[Asia Economy Reporter Lee Jung-yoon] #Office worker Lee Hyun-seon (33, female, pseudonym) received dozens of KakaoTalk messages from acquaintances last weekend morning. Her Facebook profile picture had been changed to an 'exposed unfamiliar woman,' and a post implying prostitution was uploaded. Hundreds of inquiries about prostitution flooded her Facebook Messenger. "Who played this prank to put me in trouble?" She accessed the Facebook admin page to report the hacking and changed her password, but the fear did not easily disappear.
Recently, concerns about cyber hacking have increased after an incident where a celebrity's smartphone was hacked and the hacker threatened to reveal the contents to extort money. Although the victim, actor Joo Jin-mo, requested a police investigation, the hacking details were already exposed online, spreading secondary damage.

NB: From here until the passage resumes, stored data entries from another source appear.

Lemma G_idem : G *m G = G.
Proof.
by rewrite {1}/G mulmx_sumr; apply: eq_bigr => k _; rewrite -scalemxAr mulmxA G_mulM.
Qed.

(* [None] indexes the projection onto the complement of the ranges of the M k. *)
Definition recovery_weight (o : option 'I_m) : C :=
  if o is Some k then c k else 1.

Definition recovery_op (o : option 'I_m) : 'M[C]_n :=
  if o is Some k then adj (M k) else 1%:M - G.

Definition recovery := kraus_map recovery_weight recovery_op.

Lemma recovery_CPTP : CPTP recovery.
Proof.
apply: kraus_map_CPTP => [[k|] /=|]; rewrite ?c_ge0 ?ler01 //.
rewrite sum_option /= adjB adj1 adjG mulmxBl mul1mx mulmxBr mulmx1 G_idem.
rewrite subrr subr0; under eq_bigr do rewrite adjK.
by rewrite scale1r subrK.
Qed.

Lemma recovery_op_mulEP o j :
  recovery_op o *m (E j *m P) = if o is Some k then (d k * U k j) *: P else 0.
Proof.
by case: o => [k|] /=; rewrite ?adjM_mulEP // mulmxBl mul1mx G_mulEP subrr.
Qed.

Lemma recovery_kraus_map (w : 'I_m -> C) sigma :
  recovery (kraus_map w E (P *m sigma *m P)) =
  (\sum_j w j * alpha j j) *: (P *m sigma *m P).
Proof.
have scaleQ a : a *: (P *m sigma *m P) = (a *: P) *m sigma *m P.
  by rewrite !scalemxAl.
rewrite -[X in kraus_map w E (_ *m X)]adjP kraus_map_mulmx /recovery {1}/kraus_map.
under eq_bigr do rewrite mulmx_kraus_map.
have none0 : kraus_map w (fun j => recovery_op None *m (E j *m P)) sigma = 0.
  by apply: big1 => j _; rewrite recovery_op_mulEP mul0mx adj0 mulmx0 scaler0.
have some k : recovery_weight (Some k) *:
    kraus_map w (fun j => recovery_op (Some k) *m (E j *m P)) sigma =
    \sum_j (w j * ((U k j)^* * d k * U k j)) *: (P *m sigma *m P).
  rewrite scaler_sumr; apply: eq_bigr => j _.
  rewrite recovery_op_mulEP adjZ adjP -scalemxAr -!scalemxAl !scalerA /=.
  transitivity
    ((w j * U k j * (U k j)^* ) *: ((c k * d k * (d k)^* ) *: P) *m sigma *m P).
    by rewrite scalerA -scaleQ rmorphM /=; congr (_ *: _); ring.
  by rewrite c_scaleP scalerA -scaleQ; congr (_ *: _); ring.
rewrite sum_option none0 scaler0 add0r; under eq_bigr do rewrite some.
rewrite exchange_big scaler_suml; apply: eq_bigr => j _.
by rewrite alpha_diag mulr_sumr scaler_suml.
Qed.

Lemma tp_alpha_diag_sum (w : 'I_m -> C) :
  trace_preserving (kraus_map w E) -> (\sum_j w j * alpha j j) *: P = P.
Proof.
move=> /kraus_map_tpP sumE.
transitivity (P *m (\sum_j w j *: (adj (E j) *m E j)) *m P); last first.
  by rewrite sumE mulmx1 PP.
rewrite mulmx_sumr mulmx_suml scaler_suml; apply: eq_bigr => j _.
by rewrite -scalemxAr -scalemxAl !mulmxA KL scalerA.
Qed.

End KnillLaflamme.

Unset Implicit Arguments.

Theorem theorem6 (R : rcfType) (n m : nat) (P : 'M[R[i]]_n)
  (E : 'I_m -> 'M[R[i]]_n) (J : {set 'I_m}) :
  orth_projector P ->
  J != set0 ->
  semi_positive (signed_opsum E J) ->
  trace_preserving (signed_opsum E J) ->
  (exists alpha : 'M[R[i]]_m, is_hermitian alpha /\
     forall i j, P *m adj (E i) *m E j *m P = alpha i j *: P) ->
  exists Rec : 'M[R[i]]_n -> 'M[R[i]]_n,
    CPTP Rec /\ forall sigma : 'M[R[i]]_n,
      Rec (signed_opsum E J (P *m sigma *m P)) = P *m sigma *m P.
Proof.
move=> [PP adjP] _ _ tpN [alpha [alpha_herm KL]].
exists (recovery P E alpha); split; first exact: recovery_CPTP.
(* [signed_opsum E J] is convertible to [kraus_map] with weights -1 and 1. *)
move=> sigma; rewrite recovery_kraus_map // !scalemxAl.
by rewrite (tp_alpha_diag_sum PP KL tpN).
Qed.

According to the police on the 14th, the Cyber Investigation Unit of the Seoul Metropolitan Police Agency is investigating the hacking and extortion cases involving smartphones of Joo and some other celebrities. The key issue is who hacked their smartphones and how. Samsung Electronics, the manufacturer of Joo's smartphone, stated, "Samsung Cloud was not hacked," suggesting that either Joo's smartphone was directly hacked or his cloud account was compromised.
The problem is that the recent surge in 'account hacking' involves stealing personal information from social network services (SNS) or cloud accounts and using those accounts as illegal trading platforms. For example, the portal site search term manipulation group, which was indicted and detained by the Seoul Eastern District Prosecutors' Office the day before, sent malicious programs to 210,000 PC bang computers nationwide, turning them into 'zombie PCs' to manipulate portal search terms. They are accused of stealing IDs and passwords when PC bang users logged into portal accounts and selling them for 10,000 KRW each. Sensitive personal information, vital to one's life, was traded at the price of a single meal.
Experts' advice remains pessimistic, limited to thorough password management, but realistically, it is the only method. Professor Lim Jong-in of Korea University's Graduate School of Information Security said, "You must set passwords different from those commonly used, including special characters, and enable two-factor authentication without fail," adding, "Samsung currently leaves cloud two-factor authentication optional, but it should be strongly recommended."
Especially when using multi-user PC bang computers, it is best to avoid entering financial information as much as possible. Institutionally, creating regulations on PC bang security and grading security levels to inform users can also be considered.